If you have a family history of Lynch syndrome-associated cancers such as gastric cancer, you may be concerned about having this hereditary condition and your chances of developing cancer in the future. In this case, genetic testing is something you should seriously consider. Genetic testing will be able to reveal more information about yourself and help you take control of your health by identifying the next necessary steps. You should always talk to your healthcare provider(s) about whether genetic testing is recommended based on your personal and family history.

A germline genetic test involves analyzing a blood or saliva sample and studying your DNA to identify germline mutations in any of the MMR genes associated with Lynch syndrome. The tests used are the microsatellite instability (MSI) test and immunohistochemistry (IHC) test.

Germline testing differs from somatic testing, which looks for acquired mutations in a confined set of cells or tissues. Somatic genetic tests involve examining tumor tissue to identify any mutations that have occurred spontaneously. Somatic mutations are usually isolated to the tumor or region where the cancer is found in your body, whereas germline mutations are present in the tumor and in every cell of your body since birth.

In general, you should consider genetic testing for Lynch syndrome if you or your family meet any of the following criteria:

• Colorectal cancer or endometrial cancer before age 50
• Several cases of colorectal, endometrial or ovarian cancer on the same side of the family
• Multiple and/or early-onset colon polyps
• Multiple primary colorectal and/or Lynch syndrome-associated cancers (e.g. endometrial, ovarian, gastric, small intestine)
• Any Lynch syndrome-associated cancers or tumors with an abnormal result on standard MSI or IHC tumor screening tests
• Known diagnosis of Lynch syndrome

If you’ve been diagnosed with Lynch syndrome, you may be worried about what can be done to cope with your condition and the associated cancer risks. When it comes to managing your risk of gastric cancer, regular surveillance of the upper gastrointestinal tract (GI) tract via an upper endoscopy is typically recommended.

Also known as an esophagogastroduodenoscopy (EGD), an upper endoscopy allows your doctors to look at the inside of your upper GI tract (i.e. the esophagus, stomach and duodenum) to check for any signs of cancer. It is also effective for intestinal-type gastric adenocarcinomas, which are usually observed in people who develop gastric cancer with Lynch syndrome.
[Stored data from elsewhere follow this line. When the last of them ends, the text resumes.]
(* Let $X$ be a metric space, $\mathcal M=\{M_1,\dots,M_n\}\subset\mathcal P^f_{\mathrm{Cl}}(X)$, $\Sigma(\mathcal M)\ne\emptyset$ and $d\in\Omega(\mathcal M)$. Then every compact $K\in\Sigma_d(\mathcal M)$ contains (as a subset) at least one element of $\Sigma_d(\mathcal M)$ that is minimal with respect to inclusion in $\Sigma_d(\mathcal M)$.
   Context: For a metric space $X$, $p\in X$, $A\subset X$: $|p\,A|=\inf_{a\in A}|p\,a|$ ($=\infty$ if $A=\emptyset$); for $0\le r<\infty$, $B_r(A)=\{p:|p\,A|\le r\}$. For nonempty $A,B$, $d_H(A,B)=\max\{\sup_{a\in A}|a\,B|,\sup_{b\in B}|b\,A|\}\in[0,\infty]$. $\mathcal P_{\mathrm{Cl}}(X)$ is the set of nonempty closed subsets of $X$ with $d_H$. A finiteness class of $\mathcal P_{\mathrm{Cl}}(X)$ is an equivalence class of the relation $A\sim B\iff d_H(A,B)<\infty$; $\mathcal P^f_{\mathrm{Cl}}(X)$ denotes a fixed finiteness class. For finite $\mathcal M=\{M_1,\dots,M_n\}\subset\mathcal P^f_{\mathrm{Cl}}(X)$, set $S_{\mathcal M}(Y)=\sum_{i=1}^n d_H(Y,M_i)$ for $Y\in\mathcal P^f_{\mathrm{Cl}}(X)$; $\Sigma(\mathcal M)$ is the set of all minimizers of $S_{\mathcal M}$ over $\mathcal P^f_{\mathrm{Cl}}(X)$. For $K\in\Sigma(\mathcal M)$, $d(K)=(d_H(K,M_1),\dots,d_H(K,M_n))$; $\Omega(\mathcal M)=\{d(K):K\in\Sigma(\mathcal M)\}$; for $d=(d_1,\dots,d_n)\in\Omega(\mathcal M)$, $\Sigma_d(\mathcal M)=\{K\in\Sigma(\mathcal M):d(K)=d\}$, partially ordered by inclusion. *)

From mathcomp Require Import all_boot all_order all_algebra.
From mathcomp Require Import all_classical all_reals ereal.
From Stdlib Require List.
Set Implicit Arguments. Unset Strict Implicit. Unset Printing Implicit Defensive.
Import Order.TTheory GRing.Theory Num.Theory.
Local Open Scope classical_set_scope.
Local Open Scope ring_scope.
(* Stable semantics is serialisable with the selection function $\alpha_{adm}(X,Y,Z)=X\cup Y\cup Z$ and the termination function $\beta_{st}(F,S)=1$ if $F=(\emptyset,\emptyset)$ and $\beta_{st}(F,S)=0$ otherwise.
   Context: An abstract argumentation framework (AF) is a pair $F=(A,R)$ with $A$ a finite subset of a fixed universal set of arguments $\mathfrak{A}$ and $R\subseteq A\times A$ ($a\to b$ means $(a,b)\in R$). For $S\subseteq A$: $S^+=\{a\mid \exists b\in S: b\to a\}$, $S^-=\{a\mid\exists b\in S: a\to b\}$; for sets $S,S'$, $S\to S'$ means $S^+\cap S'\neq\emptyset$. $S$ is admissible if it is conflict-free and every attacker of an element of $S$ is attacked by some element of $S$. A stable extension is an admissible set $E$ with $E\cup E^+=A$. An initial set is a non-empty admissible set with no non-empty admissible proper subset; $\mathrm{IS}(F)$ is the set of initial sets. An initial set $S$ is unattacked if $S^-=\emptyset$; unchallenged if $S^-\neq\emptyset$ and no $S'\in\mathrm{IS}(F)$ has $S'\to S$; challenged if some $S'\in\mathrm{IS}(F)$ has $S'\to S$. Write $\mathrm{IS}^{u}(F),\mathrm{IS}^{uc}(F),\mathrm{IS}^{c}(F)$ for these sets. The reduct is $F^S=(A',R\cap(A'\times A'))$ with $A'=A\setminus(S\cup S^+)$. A selection function $\alpha$ maps any three sets $X,Y,Z$ of sets of arguments to a subset of $X\cup Y\cup Z$; a termination function $\beta$ maps pairs $(F,S)$ to $\{0,1\}$. Transitions: $(F,S)\to(F^{S'},S\cup S')$ whenever $S'\in\alpha(\mathrm{IS}^u(F),\mathrm{IS}^{uc}(F),\mathrm{IS}^c(F))$. $(F,S)\leadsto^{\alpha,\beta}(F',S')$ means $(F',S')$ is reachable from $(F,S)$ in finitely many (possibly zero) transitions and $\beta(F',S')=1$. $\mathcal{E}^{\alpha,\beta}(F)$ is the set of all $S$ with $(F,\emptyset)\leadsto^{\alpha,\beta}(F',S)$ for some $F'$. A semantics $\sigma$ is serialisable with $\alpha,\beta$ if $\sigma(F)=\mathcal{E}^{\alpha,\beta}(F)$ for all AFs $F$. *)

From HB Require Import structures.
From mathcomp Require Import all_boot finmap.
From Stdlib Require Import Relations.Relation_Operators.

Set Implicit Arguments.
Unset Strict Implicit.
Unset Printing Implicit Defensive.

Local Open Scope fset_scope.

Section AF.
Variable T : choiceType.

Definition AF := ({fset T} * {fset (T * T)})%type.

Definition args (F : AF) : {fset T} := F.1.
Definition atts (F : AF) : {fset (T * T)} := F.2.

Definition wf_AF (F : AF) : Prop :=
  forall p, p \in atts F -> (p.1 \in args F) && (p.2 \in args F).

Definition plus (F : AF) (S : {fset T}) : {fset T} :=
  [fset p.2 | p in atts F & p.1 \in S].
Definition minus (F : AF) (S : {fset T}) : {fset T} :=
  [fset p.1 | p in atts F & p.2 \in S].

Definition attacks_set (F : AF) (S S' : {fset T}) : Prop :=
  plus F S `&` S' != fset0.

Definition conflict_free (F : AF) (S : {fset T}) : Prop :=
  S `<=` args F /\
  forall a b, a \in S -> b \in S -> (a, b) \notin atts F.

Definition admissible (F : AF) (S : {fset T}) : Prop :=
  conflict_free F S /\
  forall a b, b \in S -> (a, b) \in atts F -> a \in plus F S.

Definition stable (F : AF) (E : {fset T}) : Prop :=
  admissible F E /\ E `|` plus F E = args F.

Definition initial (F : AF) (S : {fset T}) : Prop :=
  S != fset0 /\ admissible F S /\
  forall S', S' `<` S -> S' != fset0 -> ~ admissible F S'.

Definition IS_u (F : AF) (S : {fset T}) : Prop :=
  initial F S /\ minus F S = fset0.
Definition IS_uc (F : AF) (S : {fset T}) : Prop :=
  initial F S /\ minus F S != fset0 /\
  ~ (exists S', initial F S' /\ attacks_set F S' S).
Definition IS_c (F : AF) (S : {fset T}) : Prop :=
  initial F S /\ exists S', initial F S' /\ attacks_set F S' S.

Definition reduct (F : AF) (S : {fset T}) : AF :=
  let A' := args F `\` (S `|` plus F S) in
  (A', [fset p in atts F | (p.1 \in A') && (p.2 \in A')]).

Definition setset := {fset T} -> Prop.

Definition selection := setset -> setset -> setset -> setset.
Definition is_selection (alpha : selection) : Prop :=
  forall X Y Z S, alpha X Y Z S -> X S \/ Y S \/ Z S.

Definition termination := AF -> {fset T} -> bool.

Definition step (alpha : selection) (c c' : AF * {fset T}) : Prop :=
  exists S', alpha (IS_u c.1) (IS_uc c.1) (IS_c c.1) S' /\
             c' = (reduct c.1 S', c.2 `|` S').

Definition reaches (alpha : selection) := clos_refl_trans _ (step alpha).

Definition E_ab (alpha : selection) (beta : termination) (F : AF)
    (S : {fset T}) : Prop :=
  exists F', reaches alpha (F, fset0) (F', S) /\ beta F' S.

Definition semantics := AF -> {fset T} -> Prop.

Definition serialisable (sigma : semantics) (alpha : selection)
    (beta : termination) : Prop :=
  forall F, wf_AF F -> forall S, sigma F S <-> E_ab alpha beta F S.

Definition alpha_adm : selection := fun X Y Z S => X S \/ Y S \/ Z S.

Definition beta_st : termination := fun F _ => F == (fset0, fset0).

End AF.

(* Along a run from (F, {}), the current framework is always the reduct F^E of
   F by the union E of the initial sets chosen so far, because reducts compose:
   (F^E)^S = F^(E u S).  E stays admissible, since an admissible set of F^E
   added to an admissible set E of F is admissible in F.  The run stops at the
   empty framework exactly when E u E^+ covers all arguments, i.e. when E is
   stable.  Conversely, for a stable S and E included in S, the set S \ E is
   stable in F^E, hence nonempty unless F^E is empty; any initial set of F^E
   inside S \ E can be chosen next, so the run can be steered to (empty, S). *)

From mathcomp Require Import all_boot finmap.
From Stdlib Require Import Classical Relations.Relation_Operators.

Local Open Scope fset_scope.

Lemma fproperD_neq0 {K : choiceType} {A B : {fset K}} :
  B `<=` A -> B != fset0 -> A `\` B `<` A.
Proof.
move=> BA /fset0Pn [y yB]; apply: (@fsub_proper_trans _ (A `\ y)).
  by apply: fsetDS; rewrite fsub1set.
exact/fproperD1/(fsubsetP BA).
Qed.

Section Serialisation.
Set Implicit Arguments.
Unset Strict Implicit.
Variable T : choiceType.
Implicit Types (F G : AF T) (S E X : {fset T}) (x : T).

Lemma AF_eq F G : args F = args G -> atts F = atts G -> F = G.
Proof. by case: F G => [A R] [A' R'] /= -> ->. Qed.

Lemma mem_plus F S x :
  reflect (exists2 a, a \in S & (a, x) \in atts F) (x \in plus F S).
Proof.
apply: (iffP idP) => [/imfsetP [[a b]] /=|[a aS ax]].
  by rewrite inE => /andP [ab aS] ->; exists a.
by apply/imfsetP; exists (a, x); rewrite //= inE ax.
Qed.

Lemma plus0 F : plus F fset0 = fset0.
Proof. by apply/fsetP => x; rewrite inE; apply/mem_plus => -[a]; rewrite inE. Qed.

Lemma plusU F S E : plus F (S `|` E) = plus F S `|` plus F E.
Proof.
apply/fsetP => x; rewrite in_fsetU; apply/mem_plus/orP.
  by case=> a /fsetUP [] aS ax; [left|right]; apply/mem_plus; exists a.
by case=> /mem_plus [a aS ax]; exists a; rewrite // in_fsetU aS ?orbT.
Qed.

Lemma plus_sub_args F S : wf_AF F -> plus F S `<=` args F.
Proof. by move=> wf; apply/fsubsetP => x /mem_plus [a _ /wf /andP []]. Qed.

Lemma mem_args_reduct F S x :
  (x \in args (reduct F S)) = [&& x \in args F, x \notin S & x \notin plus F S].
Proof. by rewrite in_fsetD in_fsetU negb_or andbC. Qed.

Lemma mem_atts_reduct F S p :
  (p \in atts (reduct F S)) =
  [&& p \in atts F, p.1 \in args (reduct F S) & p.2 \in args (reduct F S)].
Proof. by rewrite !inE. Qed.

Lemma args_reduct_sub F S : args (reduct F S) `<=` args F.
Proof. exact: fsubsetDl. Qed.

Lemma wf_reduct F S : wf_AF (reduct F S).
Proof. by move=> p; rewrite mem_atts_reduct => /and3P [_ -> ->]. Qed.

Lemma reduct0 F : wf_AF F -> reduct F fset0 = F.
Proof.
move=> wf; have eA : args (reduct F fset0) = args F.
  by apply/fsetP => x; rewrite mem_args_reduct plus0 !inE andbT.
apply: AF_eq => //; apply/fsetP => p; rewrite mem_atts_reduct eA.
by apply/idP/idP => [/and3P [] //|pF]; rewrite pF wf.
Qed.

Lemma reduct_eq0 F S : args (reduct F S) = fset0 -> reduct F S = (fset0, fset0).
Proof.
move=> eA; apply: AF_eq => //; apply/fsetP => p /=.
by rewrite mem_atts_reduct eA !inE !andbF.
Qed.

Lemma plus_reduct F E S x : S `<=` args (reduct F E) -> x \in args (reduct F E) ->
  (x \in plus (reduct F E) S) = (x \in plus F S).
Proof.
move=> /fsubsetP SE xE; apply/mem_plus/mem_plus => -[a aS ax]; exists a => //.
  by move: ax; rewrite mem_atts_reduct => /andP [].
by rewrite mem_atts_reduct ax xE SE.
Qed.

Lemma reduct_reduct F E S : S `<=` args (reduct F E) ->
  reduct (reduct F E) S = reduct F (E `|` S).
Proof.
move=> SE; have eA : args (reduct (reduct F E) S) = args (reduct F (E `|` S)).
  apply/fsetP => x; rewrite mem_args_reduct [RHS]mem_args_reduct plusU !in_fsetU !negb_or.
  case: (boolP (x \in args (reduct F E))) => [xE|].
    by rewrite plus_reduct //; move: xE; rewrite mem_args_reduct => /and3P [-> -> ->].
  rewrite mem_args_reduct => xE; apply/esym/negbTE; apply: contra xE.
  by case/and4P => -> /andP [-> _] -> _.
apply: AF_eq => //; apply/fsetP => p.
rewrite [RHS]mem_atts_reduct -eA mem_atts_reduct mem_atts_reduct.
have sub := fsubsetP (args_reduct_sub (reduct F E) S).
apply/and3P/and3P => [[/and3P [pF _ _] p1 p2] | [pF p1 p2]]; first by split.
by rewrite pF !sub.
Qed.

Lemma admissible0 F : admissible F fset0.
Proof. by split; [split=> [|a b]; rewrite ?fsub0set ?inE | move=> a b; rewrite inE]. Qed.

Lemma admissibleU_reduct F E S : wf_AF F ->
  admissible F E -> admissible (reduct F E) S -> admissible F (E `|` S).
Proof.
move=> wf [[EA Ecf] Edef] [[SA Scf] Sdef].
have SR x : x \in S -> [&& x \in args F, x \notin E & x \notin plus F E].
  by move=> xS; rewrite -mem_args_reduct (fsubsetP SA).
split; [split|].
- by rewrite fsubUset EA (fsubset_trans SA (args_reduct_sub _ _)).
- move=> a b /fsetUP [aE|aS] /fsetUP [bE|bS].
  + exact: Ecf.
  + have /and3P [_ _ bE'] := SR b bS; apply: contra bE' => ab.
    by apply/mem_plus; exists a.
  + by have /and3P [_ _ aE'] := SR a aS; apply: contra aE'; apply: Edef bE.
  + apply/negP => ab; apply: (negP (Scf a b aS bS)).
    by rewrite mem_atts_reduct ab !(fsubsetP SA).
- move=> a b /fsetUP [bE|bS] ab; rewrite plusU in_fsetU; first by rewrite (Edef a b).
  case aE': (a \in plus F E) => //=.
  have /and3P [_ _ bE'] := SR b bS.
  have aE : a \notin E by apply: contra bE' => aE; apply/mem_plus; exists a.
  have aR : a \in args (reduct F E).
    by case/andP: (wf _ ab) => aF _; rewrite mem_args_reduct aF aE aE'.
  have abR : (a, b) \in atts (reduct F E).
    by rewrite mem_atts_reduct ab aR (fsubsetP SA).
  have /mem_plus [c cS] := Sdef a b bS abR.
  by rewrite mem_atts_reduct => /andP [ca _]; apply/mem_plus; exists c.
Qed.

Lemma diff_sub_args_reduct F S E : conflict_free F S -> E `<=` S ->
  S `\` E `<=` args (reduct F E).
Proof.
move=> [SA Scf] ES; apply/fsubsetP => x /fsetDP [xS xE].
rewrite mem_args_reduct xE (fsubsetP SA) //=; apply/negP => /mem_plus [a aE ax].
exact: (negP (Scf a x (fsubsetP ES a aE) xS)).
Qed.

Lemma admissible_reduct_diff F S E : admissible F S -> E `<=` S ->
  admissible (reduct F E) (S `\` E).
Proof.
move=> [Scf Sdef] ES; have SER := diff_sub_args_reduct Scf ES.
split; [split|] => //.
- move=> a b /fsetDP [aS _] /fsetDP [bS _]; apply/negP; rewrite mem_atts_reduct.
  by case/and3P => ab _ _; apply: (negP (Scf.2 a b aS bS)).
- move=> a b /fsetDP [bS bE]; rewrite mem_atts_reduct => /and3P [ab aR _].
  have /mem_plus [c cS ca] := Sdef a b bS ab.
  have cE : c \notin E.
    apply/negP => cE; move: aR; rewrite mem_args_reduct => /and3P [_ _ /negP []].
    by apply/mem_plus; exists c.
  apply/mem_plus; exists c; first by rewrite in_fsetD cE.
  by rewrite mem_atts_reduct ca aR (fsubsetP SER) // in_fsetD cE.
Qed.

Lemma stable_reduct F S E : stable F S -> E `<=` S -> stable (reduct F E) (S `\` E).
Proof.
move=> [Sadm Scov] ES; have SER := diff_sub_args_reduct Sadm.1 ES.
split; first exact: admissible_reduct_diff.
apply/eqP; rewrite eqEfsubset fsubUset SER (plus_sub_args _ (@wf_reduct F E)) //=.
apply/fsubsetP => x xR; have := xR; rewrite mem_args_reduct => /and3P [xF xE xpE].
rewrite in_fsetU; move: xF; rewrite -Scov in_fsetU => /orP [xS|/mem_plus [c cS cx]].
  by rewrite in_fsetD xE xS.
have cE : c \notin E by apply: contra xpE => cE; apply/mem_plus; exists c.
apply/orP; right; apply/mem_plus; exists c; first by rewrite in_fsetD cE.
by rewrite mem_atts_reduct cx xR (fsubsetP SER) // in_fsetD cE cS.
Qed.

Lemma stable_eq0 G X : stable G X -> (X == fset0) = (args G == fset0).
Proof.
move=> [[[XG _] _] cov]; apply/eqP/eqP => [X0|G0].
  by rewrite -cov X0 plus0 fsetU0.
by apply/eqP; rewrite -fsubset0 -G0.
Qed.

Lemma stable_of_reduct_eq0 F S : wf_AF F -> admissible F S ->
  args (reduct F S) = fset0 -> stable F S.
Proof.
move=> wf Sadm R0; split => //; apply/eqP.
rewrite eqEfsubset fsubUset Sadm.1.1 plus_sub_args //=.
apply/fsubsetP => x xF; apply: contraT; rewrite in_fsetU negb_or => /andP [xS xpS].
have : x \in args (reduct F S) by rewrite mem_args_reduct xF xS xpS.
by rewrite R0 inE.
Qed.

Lemma exists_initial_sub G X : admissible G X -> X != fset0 ->
  exists2 S, S `<=` X & initial G S.
Proof.
have [n] := ubnP #|`X|; elim: n X => // n IH X ltXn Xadm X0.
have [[S' [S'X S'0 S'adm]]|noS'] :=
  classic (exists S', [/\ S' `<` X, S' != fset0 & admissible G S']).
  have [|S SS' Sinit] := IH S' _ S'adm S'0.
    exact: leq_trans (fproper_ltn_card S'X) ltXn.
  by exists S => //; apply: fsubset_trans SS' (fproper_sub S'X).
by exists X => //; split=> //; split=> // S' S'X S'0 S'adm; apply: noS'; exists S'.
Qed.

Lemma alpha_adm_initial G S :
  alpha_adm (IS_u G) (IS_uc G) (IS_c G) S <-> initial G S.
Proof.
split; first by case=> [[]|[[]|[]]].
move=> Sinit; have [m0|m0] := eqVneq (minus G S) fset0; first by left.
have [att|natt] := classic (exists S', initial G S' /\ attacks_set G S' S).
  by right; right.
by right; left.
Qed.

Lemma step_alpha_adm c c' : step (@alpha_adm T) c c' <->
  exists2 S, initial c.1 S & c' = (reduct c.1 S, c.2 `|` S).
Proof.
split => [[S [/alpha_adm_initial Sinit ->]]|[S Sinit ->]]; exists S => //.
by split=> //; apply/alpha_adm_initial.
Qed.

Lemma reaches_reduct_admissible F c c' : wf_AF F -> reaches (@alpha_adm T) c c' ->
  c.1 = reduct F c.2 /\ admissible F c.2 -> c'.1 = reduct F c'.2 /\ admissible F c'.2.
Proof.
move=> wf; elim=> [[G E] c2 /step_alpha_adm [S /= [_ [Sadm _]] ->] /= [eG Eadm]|//|].
  subst G; split; first exact: reduct_reduct Sadm.1.1.
  exact: admissibleU_reduct.
by move=> c1 c2 c3 _ IH1 _ IH2 /IH1 /IH2.
Qed.

Lemma reaches_stable F S E : stable F S -> E `<=` S ->
  reaches (@alpha_adm T) (reduct F E, E) ((fset0, fset0), S).
Proof.
move=> Sst; have [n] := ubnP #|`S `\` E|; elim: n E => // n IH E ltn ES.
have [SE0|SEn0] := eqVneq (S `\` E) fset0.
  have eES : E = S by apply/eqP; rewrite eqEfsubset ES -fsetD_eq0 SE0.
  have R0 : args (reduct F E) = fset0.
    by apply/eqP; rewrite -(stable_eq0 (stable_reduct Sst ES)) SE0.
  by rewrite reduct_eq0 // -eES; apply: rt_refl.
have SEadm := admissible_reduct_diff Sst.1 ES.
have [S' S'SE S'init] := exists_initial_sub SEadm SEn0.
have S'R : S' `<=` args (reduct F E).
  exact: fsubset_trans S'SE (diff_sub_args_reduct Sst.1.1 ES).
apply: (rt_trans _ _ _ (reduct F (E `|` S'), E `|` S')).
  by apply: rt_step; apply/step_alpha_adm; exists S'; rewrite //= reduct_reduct.
apply: IH; last by rewrite fsubUset ES (fsubset_trans S'SE (fsubsetDl _ _)).
rewrite -fsetDDl; exact: leq_trans (fproper_ltn_card (fproperD_neq0 S'SE S'init.1)) ltn.
Qed.
End Serialisation.

Theorem theorem5 (T : choiceType) :
  serialisable (@stable T) (@alpha_adm T) (@beta_st T).
Proof.
move=> F wf S; split=> [Sst|[F' [run /eqP F'0]]].
  exists (fset0, fset0); split=> //.
  by rewrite -{1}(reduct0 wf); apply: reaches_stable (fsub0set _).
have [/= eF' Sadm] :=
  reaches_reduct_admissible wf run (conj (esym (reduct0 wf)) (admissible0 F)).
by apply: stable_of_reduct_eq0 wf Sadm _; rewrite -eF' F'0.
Qed.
This procedure uses an endoscope, which is a thin, lighted, flexible tube with a small camera at its tip. The endoscope is inserted through your nose or mouth, down your esophagus and into your stomach and small intestine. This imaging procedure is highly sensitive and accurate, especially when combined with endoscopic biopsy for tissue diagnosis. For this reason, it is considered the gold standard for gastric cancer diagnostics and has resulted in a higher detection rate of early-stage gastric cancers. According to clinical guidelines by the American College of Gastroenterology (ACG), the standard screening age for regular surveillance via EGD is 30 to 35 years old.

It is important for individuals with Lynch syndrome to take any necessary measures to manage their gastric cancer risk. Constant monitoring may seem like a hassle, but it is crucial not to let the inconvenience deter you from prioritizing your health and well-being. Early detection can make a difference in the outcome of the disease.